Sarah describes the scene. The police storming up their narrow Haussmann staircase. The ransacking of the house. Policemen grabbing and throwing furniture out of the windows of their small apartment. Her mother screaming as she watches their belongings smash into pieces when they finally hit the pavement below. There are so many incomprehensible facts to digest. I am ashamed at the one pedestrian thought that sticks in my head. Those stairs are steep and narrow, there is precious little space to manoeuvre. They have to be climbed in single file. It must have taken them so long and so, so much effort to get any piece of furniture up to their apartment without a lift. I cannot fathom why anyone would feel the need to throw it out of a window.

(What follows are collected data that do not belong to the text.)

Lemma Lsubn_all_spec r qs xr xqs kr kqs :
  Lredn kr xr (enc_nat r) -> Lredn kqs xqs (enc_list enc_nat qs) ->
  Lredn (kr + kqs + subn_all_cost r qs) (call2 Lsubn_all xr xqs) (enc_nat (foldl subn r qs)).
Proof.
have subn_spec := Lsubn_spec.
elim: qs r xr xqs kr kqs => [|q qs IH] r xr xqs kr kqs red_r red_qs; ev_top => //; rewrite /=; lia.
Qed.

Fixpoint count_cost c W qs r B :=
  if B is A :: B then
    14 + mem_cost c A + has_cost A W + subn_all_cost r qs + count_cost c W qs (count_step c W qs r A) B
  else 8.

Lemma Lcount_down_spec c W qs r B xc xW xqs xr xB kc kW kqs kr kB :
  Lredn kc xc (enc_nat c) -> Lredn kW xW (enc_list enc_nat W) ->
  Lredn kqs xqs (enc_list enc_nat qs) -> Lredn kr xr (enc_nat r) ->
  Lredn kB xB (enc_list (enc_list enc_nat) B) ->
  Lredn (kc + kW + kqs + kr + kB + count_cost c W qs r B)
    (call5 Lcount_down xc xW xqs xr xB) (enc_nat (count_down c W qs r B)).
Proof.
have mem_spec := Lmem_spec; have has_spec := Lhas_mem_spec; have subn_all_spec := Lsubn_all_spec.
elim: B r xc xW xqs xr xB kc kW kqs kr kB => [|A B IH] r xc xW xqs xr xB kc kW kqs kr kB
  red_c red_W red_qs red_r red_B; ev_top => //; rewrite /= /count_step /=; lia.
Qed.

Definition pos_cost r := if r is 0 then 2 else 3.

Lemma Lpos_spec r : Lredn (pos_cost r) (A2 (enc_nat r) Lfalse (L Ltrue)) (enc_bool (0 < r)).
Proof. by case: r => [|r]; ev_top. Qed.

Fixpoint check_cost n W qs B nc :=
  if nc is c.+1 then
    11 + count_cost c W qs n B + pos_cost (count_down c W qs n B) + check_cost n W qs B c
  else 8.

Lemma Lcheck_cands_spec n W qs B nc xn xW xqs xB xnc kn kW kqs kB knc :
  Lredn kn xn (enc_nat n) -> Lredn kW xW (enc_list enc_nat W) ->
  Lredn kqs xqs (enc_list enc_nat qs) -> Lredn kB xB (enc_list (enc_list enc_nat) B) ->
  Lredn knc xnc (enc_nat nc) ->
  Lredn (kn + kW + kqs + kB + knc + check_cost n W qs B nc)
    (call5 Lcheck_cands xn xW xqs xB xnc) (enc_bool (check_cands n W qs B nc)).
Proof.
have count_spec := Lcount_down_spec; have pos_spec := Lpos_spec.
elim: nc xn xW xqs xB xnc kn kW kqs kB knc => [|nc IH] xn xW xqs xB xnc kn kW kqs kB knc
  red_n red_W red_qs red_B red_nc; ev_top => //; rewrite /=; lia.
Qed.

Definition swjr_cost I W := 16 + check_cost (n_voters I) W (quotas I) (ballots I) (n_cands I).

Lemma Lswjr_spec I W :
  Lredn (swjr_cost I W) (Lapp Lswjr (enc_input I W)) (enc_bool (swjr_check I W)).
Proof.
have check_spec := Lcheck_cands_spec.
by rewrite /enc_input; ev_top => //; rewrite /swjr_cost /=; lia.
Qed.

(** * Polynomial bound on the running time *)

Lemma eqn_cost_le a b : eqn_cost a b <= 12 * a.+1.
Proof. elim: a b => [|a IH] [|b] /=; try lia; have := IH b; lia. Qed.

Lemma mem_cost_le c l : mem_cost c l <= 5 + size l * (9 + 12 * c.+1).
Proof. elim: l => [|x l IH] //=; have := eqn_cost_le c x; nia. Qed.

Lemma has_cost_le A W X :
  all (fun x => mem_cost x W <= X) A -> has_cost A W <= 5 + size A * (9 + X).
Proof. by elim: A => [|x A IH] //= /andP[x_le /IH]; nia. Qed.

Sarah’s story is about her life between the two streets, hidden by a neighbour on nearby Rue Labat who passed her off as her own daughter. She saw her father for the last time on July 16, 1942. After being rounded up with Communists and Gaullists, he died at Auschwitz.

After a prolific and successful career, Kofman committed suicide in 1994 on Nietzsche’s 150th birthday. She died the same year that she wrote the book.

Living on Rue Ordener has given her story a new reality. The school over the road. The boulangerie on the corner. Le Nord Sud where I sometimes drink my morning coffee. As I walk up the four flights of stairs to my apartment. Drifting in over my balcony on the clouds of perfume that waft up from the street as stylish Parisiennes make their way to work. They are everywhere. And nowhere. I wonder who were they? What were their hopes? Who did they love? Who loved them? What had they done with their lives? What were their disappointments? Their regrets? Is some, small part of them still here? An imprint somewhere? A worn brass door handle. The place where they had their first kiss. Their loathed school. A chip of paint off a wooden stairway. A favourite cafe or preferred shady spot under a tree in the park. Somewhere. I hope.

Rue Ordener Today

Yesterday saw protests by the Gilets Noir in France, occupying the Panthéon. In the US there were vigils and ‘Light for Liberty’ protests calling for ICE Detention centres across the country to be closed. Amongst the ‘Never again’ ‘Close the Camps’ and ‘Love wins’ placards one reads ‘The Holocaust was legal. Those in power make the law. We must challenge them.’

Late 2018 saw a new spate of anti semitic graffiti on Rue Ordener. Someone daubed “Jewish scum live here.” adding “Notably on the third floor” on the opposite door. The graffiti was cleaned off on the same day.

Marie Ottavi‏ @marie_ottavi (photo from Twitter attributed to Marie).

I ask myself where would I go? There would be nowhere to run and few places to hide. How many people would risk themselves to help? Not enough. I reflect on the rise of the far right across Europe. The questions I used to have as a child studying history at school. The whys. I no longer have those whys. They don’t exist any more.

I see communities polarising, opinion dividing people to the point of violence. Political views that I would have dismissed as fringe twenty years ago becoming mainstream. It all feels more possible now. More plausible. So much nearer than it felt as a child when I could relegate it to some battered old history book in a lesson that bored me.

I walk down Rue des Cloys each morning to get to the gym, passing the park. On 16th July I’ll take time out and head to that cool, leafy emerald space to sit and listen to the children playing. I’ll remember those 700 children of the 18th arrondissement along with the 86 who were never afforded the chance to go to school. Sometimes love doesn’t win.